[WHAT YOU HAVE TO DO]: Retype, exactly as they appear below, the lines between the line holding "(ctaylor (RtoC r) (S n) t +" and the line holding "replace (a (S", both ends included.

[RECORD SET]:

(* For $N\in\mathbb{N}$ and $z,w\in\mathbb{C}$ let $K_N(z,w)=\sum_{m=0}^{N-1}\frac{N^m}{m!}(z\overline w)^m$. For every $\lambda\in(0,1)$ there are a constant $C(\lambda)>0$ and a constant $\delta(\lambda)\in(0,1)$ such that for all $N\in\mathbb{N}$ and all $z,w\in\mathbb{C}$ with $|z|,|w|<\lambda$, $$\big|e^{Nz\overline w}-K_N(z,w)\big|\le C\,\frac{e^{N|z\overline w|}}{\sqrt N}\,\delta^N .$$ *)

From Stdlib Require Import Reals Factorial.
From Coquelicot Require Import Coquelicot.
Open Scope R_scope.

Definition cexp (z : C) : C :=
  (exp (Re z) * cos (Im z), exp (Re z) * sin (Im z)).

Fixpoint cpow (z : C) (n : nat) : C :=
  match n with O => RtoC 1 | S k => Cmult (cpow z k) z end.

Fixpoint csum (f : nat -> C) (n : nat) : C :=
  match n with O => RtoC 0 | S k => Cplus (csum f k) (f k) end.

Definition KN (N : nat) (z w : C) : C :=
  csum (fun m => Cmult (RtoC (INR N ^ m / INR (fact m))) (cpow (Cmult z (Cconj w)) m)) N.

From Stdlib Require Import Reals Factorial Lra Lia.
From Coquelicot Require Import Coquelicot.
Open Scope R_scope.

(* Write u = z * conj w, so that |u| < rho = lam^2.  The remainder
   R_n(t) = e^(tu) - sum_(m<n) (tu)^m / m!  satisfies R_(n+1)' = u R_n and R_(n+1)(0) = 0,
   so induction on n and the mean value inequality bound |R_n(t)| by the same remainder
   for the real number |u|.  At t = N that is a tail of the exponential series, which the
   ratio test bounds by (N|u|)^N / N! / (1 - rho); then N^N / N! <= e^N and the monotonicity
   of r e^(1-r) on [0, 1] give e^(N|u|) (rho e^(1-rho))^N / (1 - rho), where rho e^(1-rho) < 1.
   Finally sqrt N is absorbed by enlarging the rate rho e^(1-rho) to some delta < 1. *)

Definition is_cderive (f : R -> C) (t : R) (l : C) : Prop :=
  is_derive (fun s => Re (f s)) t (Re l) /\ is_derive (fun s => Im (f s)) t (Im l).

Lemma is_cderive_plus (f g : R -> C) (t : R) (lf lg : C) :
  is_cderive f t lf -> is_cderive g t lg ->
  is_cderive (fun s => f s + g s)%C t (lf + lg)%C.
Proof.
  intros [Hf1 Hf2] [Hg1 Hg2]; split;
    [exact (is_derive_plus _ _ _ _ _ Hf1 Hg1) | exact (is_derive_plus _ _ _ _ _ Hf2 Hg2)].
Qed.

Lemma is_cderive_minus (f g : R -> C) (t : R) (lf lg : C) :
  is_cderive f t lf -> is_cderive g t lg ->
  is_cderive (fun s => f s - g s)%C t (lf - lg)%C.
Proof.
  intros [Hf1 Hf2] [Hg1 Hg2]; split;
    [exact (is_derive_minus _ _ _ _ _ Hf1 Hg1) | exact (is_derive_minus _ _ _ _ _ Hf2 Hg2)].
Qed.

Lemma is_cderive_RtoC_mul (phi : R -> R) (c : C) (t phi' : R) :
  is_derive phi t phi' -> is_cderive (fun s => RtoC (phi s) * c)%C t (RtoC phi' * c)%C.
Proof.
  destruct c as [a b]; intros H; split; simpl.
  - apply (is_derive_ext (fun s => phi s * a)); [intros s; simpl; ring|].
    replace (phi' * a - 0 * b) with (phi' * a) by ring.
    exact (is_derive_scal_l _ _ _ _ H).
  - apply (is_derive_ext (fun s => phi s * b)); [intros s; simpl; ring|].
    replace (phi' * b + 0 * a) with (phi' * b) by ring.
    exact (is_derive_scal_l _ _ _ _ H).
Qed.

Lemma is_cderive_cexp (x : C) (t : R) :
  is_cderive (fun s => cexp (RtoC s * x)) t (x * cexp (RtoC t * x))%C.
Proof.
  destruct x as [a b]; split; simpl;
    replace (t * a - 0 * b) with (t * a) by ring; replace (t * b + 0 * a) with (t * b) by ring.
  - apply (is_derive_ext (fun s => exp (s * a) * cos (s * b)));
      [intros s; simpl; do 2 f_equal; ring|].
    auto_derive; [easy | ring].
  - apply (is_derive_ext (fun s => exp (s * a) * sin (s * b)));
      [intros s; simpl; do 2 f_equal; ring|].
    auto_derive; [easy | ring].
Qed.

(* Scaled so that [KN N z w] is convertible to [ctaylor (z * Cconj w) N (INR N)]. *)
Definition ctaylor (x : C) (n : nat) (t : R) : C :=
  csum (fun m => Cmult (RtoC (t ^ m / INR (fact m))) (cpow x m)) n.

Lemma is_derive_pow_div_fact (n : nat) (t : R) :
  is_derive (fun s => s ^ S n / INR (fact (S n))) t (t ^ n / INR (fact n)).
Proof.
  auto_derive; [easy|].
  change (fact n + n * fact n)%nat with (fact (S n)).
  change (match n with 0%nat => 1 | S _ => INR n + 1 end) with (INR (S n)).
  rewrite fact_simpl, mult_INR.
  field; split; [apply INR_fact_neq_0 | apply not_0_INR; easy].
Qed.

Lemma is_cderive_const (c : C) (t : R) : is_cderive (fun _ => c) t (RtoC 0).
Proof. split; simpl; auto_derive; easy. Qed.

Lemma is_cderive_ctaylor (x : C) (n : nat) (t : R) :
  is_cderive (ctaylor x (S n)) t (x * ctaylor x n t)%C.
Proof.
  induction n as [|n IHn].
  - replace (x * ctaylor x 0 t)%C with (RtoC 0)
      by (change (ctaylor x 0 t) with (RtoC 0); ring).
    exact (is_cderive_const (ctaylor x 1 0) t).
  - replace (x * ctaylor x (S n) t)%C
      with (x * ctaylor x n t + RtoC (t ^ n / INR (fact n)) * cpow x (S n))%C
      by (change (ctaylor x (S n) t)
            with (ctaylor x n t + RtoC (t ^ n / INR (fact n)) * cpow x n)%C;
          change (cpow x (S n)) with (cpow x n * x)%C; ring).
    apply (is_cderive_plus _ _ _ _ _ IHn).
    apply is_cderive_RtoC_mul, is_derive_pow_div_fact.
Qed.

Definition cexp_rem (x : C) (n : nat) (t : R) : C :=
  (cexp (RtoC t * x) - ctaylor x n t)%C.

Lemma is_cderive_cexp_rem (x : C) (n : nat) (t : R) :
  is_cderive (cexp_rem x (S n)) t (x * cexp_rem x n t)%C.
Proof.
  replace (x * cexp_rem x n t)%C with (x * cexp (RtoC t * x) - x * ctaylor x n t)%C
    by (unfold cexp_rem; ring).
  apply is_cderive_minus; [apply is_cderive_cexp | apply is_cderive_ctaylor].
Qed.

Lemma ctaylor_at_0 (x : C) (n : nat) : ctaylor x (S n) 0 = RtoC 1.
Proof.
  induction n as [|n IHn].
  - unfold ctaylor; simpl; rewrite Rdiv_1_r; ring.
  - change (ctaylor x (S (S n)) 0)
      with (ctaylor x (S n) 0 + RtoC (0 ^ S n / INR (fact (S n))) * cpow x (S n))%C.
    rewrite IHn, pow_i, Rdiv_0_l by lia; ring.
Qed.

Lemma cexp_RtoC (a : R) : cexp (RtoC a) = RtoC (exp a).
Proof.
  unfold cexp; rewrite re_RtoC, im_RtoC, cos_0, sin_0.
  apply injective_projections; simpl; ring.
Qed.

Lemma cexp_rem_at_0 (x : C) (n : nat) : cexp_rem x (S n) 0 = RtoC 0.
Proof. unfold cexp_rem; rewrite ctaylor_at_0, Cmult_0_l, cexp_RtoC, exp_0; ring. Qed.

Lemma Cmod_cexp (y : C) : Cmod (cexp y) = exp (Re y).
Proof.
  unfold Cmod, cexp; simpl.
  replace (_ + _) with (exp (Re y) ^ 2 * ((sin (Im y))² + (cos (Im y))²))
    by (unfold Rsqr; ring).
  rewrite sin2_cos2, Rmult_1_r.
  apply sqrt_pow2, Rlt_le, exp_pos.
Qed.

Lemma le_of_is_derive_nonneg (h h' : R -> R) (t1 : R) : 0 <= t1 ->
  (forall t, is_derive h t (h' t)) -> (forall t, 0 <= t <= t1 -> 0 <= h' t) ->
  h 0 <= h t1.
Proof.
  intros Ht1 Hh Hpos.
  destruct (MVT_gen h 0 t1 h') as [c [Hc Hmvt]].
  - intros t _; apply Hh.
  - intros t _; apply continuity_pt_filterlim, (ex_derive_continuous h).
    exists (h' t); apply Hh.
  - rewrite Rmin_left, Rmax_right in Hc by lra.
    assert (0 <= h' c) by (apply Hpos; lra).
    nra.
Qed.

Lemma inner_le_Cmod_mul (c v : C) : Re c * Re v + Im c * Im v <= Cmod c * Cmod v.
Proof.
  rewrite <- (Cmod_conj c), <- Cmod_mult.
  replace (Re c * Re v + Im c * Im v) with (Re (Cconj c * v)%C)
    by (destruct c, v; simpl; ring).
  apply (Rle_trans _ _ _ (Rle_abs _)), re_le_Cmod.
Qed.

Lemma Cmod_le_of_is_cderive (f f' : R -> C) (g g' : R -> R) (t1 : R) :
  0 <= t1 -> f 0 = RtoC 0 -> g 0 = 0 ->
  (forall t, is_cderive f t (f' t)) -> (forall t, is_derive g t (g' t)) ->
  (forall t, 0 <= t <= t1 -> Cmod (f' t) <= g' t) ->
  Cmod (f t1) <= g t1.
Proof.
  intros Ht1 Hf0 Hg0 Hf Hg Hbound.
  set (c := f t1).
  assert (Hc : 0 <= Cmod c) by apply Cmod_ge_0.
  assert (Hg_nonneg : 0 <= g t1).
  { rewrite <- Hg0; apply (le_of_is_derive_nonneg g g'); auto.
    intros t Ht; apply (Rle_trans _ _ _ (Cmod_ge_0 (f' t))), Hbound, Ht. }
  (* [h] is nondecreasing as <c, f'> <= |c| |f'| <= |c| g'; at [t1] it reads |c|^2 <= |c| g t1. *)
  pose (h t := Cmod c * g t - (Re c * Re (f t) + Im c * Im (f t))).
  assert (Hh : h 0 <= h t1).
  { apply (le_of_is_derive_nonneg h
      (fun t => Cmod c * g' t - (Re c * Re (f' t) + Im c * Im (f' t)))); auto.
    - intros t; destruct (Hf t) as [Hre Him].
      apply (is_derive_minus _ _ _ _ _ (is_derive_scal _ _ _ _ (Hg t))).
      apply (is_derive_plus (fun s => Re c * Re (f s)) (fun s => Im c * Im (f s)));
        apply is_derive_scal; assumption.
    - intros t Ht.
      pose proof (inner_le_Cmod_mul c (f' t)).
      pose proof (Rmult_le_compat_l _ _ _ Hc (Hbound t Ht)).
      lra. }
  unfold h in Hh; rewrite Hf0, Hg0 in Hh; simpl in Hh; fold c in Hh.
  pose proof (Cmod2_alt c).
  nra.
Qed.

Lemma Cmod_cexp_rem_le (x : C) (n : nat) (t : R) : 0 <= t ->
  Cmod (cexp_rem x n t) <= Re (cexp_rem (RtoC (Cmod x)) n t).
Proof.
  revert t; induction n as [|n IHn]; intros t Ht.
  - unfold cexp_rem, ctaylor; simpl csum.
    replace (cexp (RtoC t * x) - RtoC 0)%C with (cexp (RtoC t * x)) by ring.
    replace (cexp (RtoC t * RtoC (Cmod x)) - RtoC 0)%C with (RtoC (exp (t * Cmod x)))
      by (rewrite <- RtoC_mult, cexp_RtoC; ring).
    rewrite Cmod_cexp, re_scal_l, re_RtoC.
    assert (Hle : t * Re x <= t * Cmod x).
    { apply Rmult_le_compat_l; [exact Ht|].
      exact (Rle_trans _ _ _ (Rle_abs (Re x)) (re_le_Cmod x)). }
    destruct (Rle_lt_or_eq_dec _ _ Hle) as [Hlt | ->].
    + apply Rlt_le, exp_increasing, Hlt.
    + apply Rle_refl.
  - apply (Cmod_le_of_is_cderive (cexp_rem x (S n)) (fun s => x * cexp_rem x n s)%C
      (fun s => Re (cexp_rem (RtoC (Cmod x)) (S n) s))
      (fun s => Cmod x * Re (cexp_rem (RtoC (Cmod x)) n s))); auto.
    + apply cexp_rem_at_0.
    + rewrite cexp_rem_at_0; reflexivity.
    + apply is_cderive_cexp_rem.
    + intros s; rewrite <- re_scal_l; apply is_cderive_cexp_rem.
    + intros s Hs; rewrite Cmod_mult.
      apply Rmult_le_compat_l; [apply Cmod_ge_0 | apply IHn, Hs].
Qed.

Lemma cpow_RtoC (r : R) (m : nat) : cpow (RtoC r) m = RtoC (r ^ m).
Proof.
  induction m as [|m IHm]; [reflexivity|].
  cbn [cpow]; rewrite IHm, <- RtoC_mult; f_equal; simpl; ring.
Qed.

Lemma Re_ctaylor_RtoC (r t : R) (n : nat) :
  Re (ctaylor (RtoC r) (S n) t) = sum_f_R0 (fun m => (t * r) ^ m / INR (fact m)) n.
Proof.
  induction n as [|n IHn].
  - unfold ctaylor; simpl; field.
  - change (ctaylor (RtoC r) (S (S n)) t) with
      (ctaylor (RtoC r) (S n) t + RtoC (t ^ S n / INR (fact (S n))) * cpow (RtoC r) (S n))%C.
    rewrite re_plus, IHn, re_scal_l, cpow_RtoC, re_RtoC, tech5, Rpow_mult_distr.
    unfold Rdiv; ring.
Qed.

Lemma Re_cexp_rem_RtoC (r t : R) (n : nat) :
  Re (cexp_rem (RtoC r) (S n) t)
    = exp (t * r) - sum_f_R0 (fun m => (t * r) ^ m / INR (fact m)) n.
Proof.
  unfold cexp_rem, Cminus.
  rewrite re_plus, <- Re_ctaylor_RtoC, <- RtoC_mult, cexp_RtoC, re_RtoC.
  reflexivity.
Qed.

Lemma is_series_exp (s : R) : is_series (fun m => s ^ m / INR (fact m)) (exp s).
Proof.
  apply (is_series_ext (fun m => scal (pow_n s m) (/ INR (fact m)))); [|apply is_exp_Reals].
  intros m; rewrite pow_n_pow; reflexivity.
Qed.

Lemma pow_div_fact_S (s : R) (m : nat) :
  s ^ S m / INR (fact (S m)) = s ^ m / INR (fact m) * (s / INR (S m)).
Proof.
  pose proof (INR_fact_neq_0 m); pose proof (not_0_INR (S m) (Nat.neq_succ_0 m)).
  rewrite fact_simpl, mult_INR; simpl pow.
  field; auto.
Qed.

Lemma exp_sub_sum_le (s rho : R) (n : nat) :
  0 <= s -> rho < 1 -> s <= INR (S n) * rho ->
  exp s - sum_f_R0 (fun m => s ^ m / INR (fact m)) n
    <= s ^ S n / INR (fact (S n)) / (1 - rho).
Proof.
  intros Hs Hrho Hsn.
  set (a m := s ^ m / INR (fact m)).
  assert (Hrho0 : 0 <= rho).
  { pose proof (lt_0_INR (S n) (Nat.lt_0_succ n)); nra. }
  assert (Ha_nonneg : forall m, 0 <= a m).
  { intros m; apply Rmult_le_pos;
      [apply pow_le, Hs | apply Rlt_le, Rinv_0_lt_compat, INR_fact_lt_0]. }
  assert (Hratio : forall k, a (S n + k)%nat <= a (S n) * rho ^ k).
  { induction k as [|k IHk]; [rewrite Nat.add_0_r; simpl; lra|].
    rewrite Nat.add_succ_r; unfold a at 1; rewrite pow_div_fact_S; fold (a (S n + k)%nat).
    assert (Hpos : 0 < INR (S (S n + k))) by (apply lt_0_INR; lia).
    assert (Hstep : s / INR (S (S n + k)) <= rho).
    { assert (INR (S n) <= INR (S (S n + k))) by (apply le_INR; lia).
      apply (Rmult_le_reg_r _ _ _ Hpos).
      unfold Rdiv; rewrite Rmult_assoc, Rinv_l by lra; nra. }
    replace (a (S n) * rho ^ S k) with (a (S n) * rho ^ k * rho) by (simpl; ring).
    apply Rmult_le_compat; [apply Ha_nonneg | | exact IHk | exact Hstep].
    apply Rmult_le_pos; [exact Hs | apply Rlt_le, Rinv_0_lt_compat, Hpos]. }
  assert (Hgeom : ex_series (fun k => rho ^ k))
    by (apply ex_series_geom; rewrite Rabs_pos_eq; assumption).
  rewrite <- (is_series_unique _ _ (is_series_exp s)); fold a.
  rewrite (Series_incr_n a (S n)), Nat.pred_succ;
    [| lia | eexists; apply is_series_exp].
  apply (Rle_trans _ (Series (fun k => a (S n) * rho ^ k))).
  - ring_simplify.
    apply Series_le; [intros k; split; [apply Ha_nonneg | apply Hratio]|].
    exact (@ex_series_scal_l R_AbsRing R_NormedModule (a (S n)) _ Hgeom).
  - rewrite Series_scal_l, Series_geom by (rewrite Rabs_pos_eq; assumption).
    apply Rle_refl.
Qed.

[ANSWER FOR THE TASK]:
      (ctaylor (RtoC r) (S n) t + RtoC (t ^ S n / INR (fact (S n))) * cpow (RtoC r) (S n))%C.
    rewrite re_plus, IHn, re_scal_l, cpow_RtoC, re_RtoC, tech5, Rpow_mult_distr.
    unfold Rdiv; ring.
Qed.

Lemma Re_cexp_rem_RtoC (r t : R) (n : nat) :
  Re (cexp_rem (RtoC r) (S n) t)
    = exp (t * r) - sum_f_R0 (fun m => (t * r) ^ m / INR (fact m)) n.
Proof.
  unfold cexp_rem, Cminus.
  rewrite re_plus, <- Re_ctaylor_RtoC, <- RtoC_mult, cexp_RtoC, re_RtoC.
  reflexivity.
Qed.

Lemma is_series_exp (s : R) : is_series (fun m => s ^ m / INR (fact m)) (exp s).
Proof.
  apply (is_series_ext (fun m => scal (pow_n s m) (/ INR (fact m)))); [|apply is_exp_Reals].
  intros m; rewrite pow_n_pow; reflexivity.
Qed.

Lemma pow_div_fact_S (s : R) (m : nat) :
  s ^ S m / INR (fact (S m)) = s ^ m / INR (fact m) * (s / INR (S m)).
Proof.
  pose proof (INR_fact_neq_0 m); pose proof (not_0_INR (S m) (Nat.neq_succ_0 m)).
  rewrite fact_simpl, mult_INR; simpl pow.
  field; auto.
Qed.

Lemma exp_sub_sum_le (s rho : R) (n : nat) :
  0 <= s -> rho < 1 -> s <= INR (S n) * rho ->
  exp s - sum_f_R0 (fun m => s ^ m / INR (fact m)) n
    <= s ^ S n / INR (fact (S n)) / (1 - rho).
Proof.
  intros Hs Hrho Hsn.
  set (a m := s ^ m / INR (fact m)).
  assert (Hrho0 : 0 <= rho).
  { pose proof (lt_0_INR (S n) (Nat.lt_0_succ n)); nra. }
  assert (Ha_nonneg : forall m, 0 <= a m).
  { intros m; apply Rmult_le_pos;
      [apply pow_le, Hs | apply Rlt_le, Rinv_0_lt_compat, INR_fact_lt_0]. }
  assert (Hratio : forall k, a (S n + k)%nat <= a (S n) * rho ^ k).
  { induction k as [|k IHk]; [rewrite Nat.add_0_r; simpl; lra|].
    rewrite Nat.add_succ_r; unfold a at 1; rewrite pow_div_fact_S; fold (a (S n + k)%nat).
    assert (Hpos : 0 < INR (S (S n + k))) by (apply lt_0_INR; lia).
    assert (Hstep : s / INR (S (S n + k)) <= rho).
    { assert (INR (S n) <= INR (S (S n + k))) by (apply le_INR; lia).
      apply (Rmult_le_reg_r _ _ _ Hpos).
      unfold Rdiv; rewrite Rmult_assoc, Rinv_l by lra; nra. }
    replace (a (S n) * rho ^ S k) with (a (S n) * rho ^ k * rho) by (simpl; ring).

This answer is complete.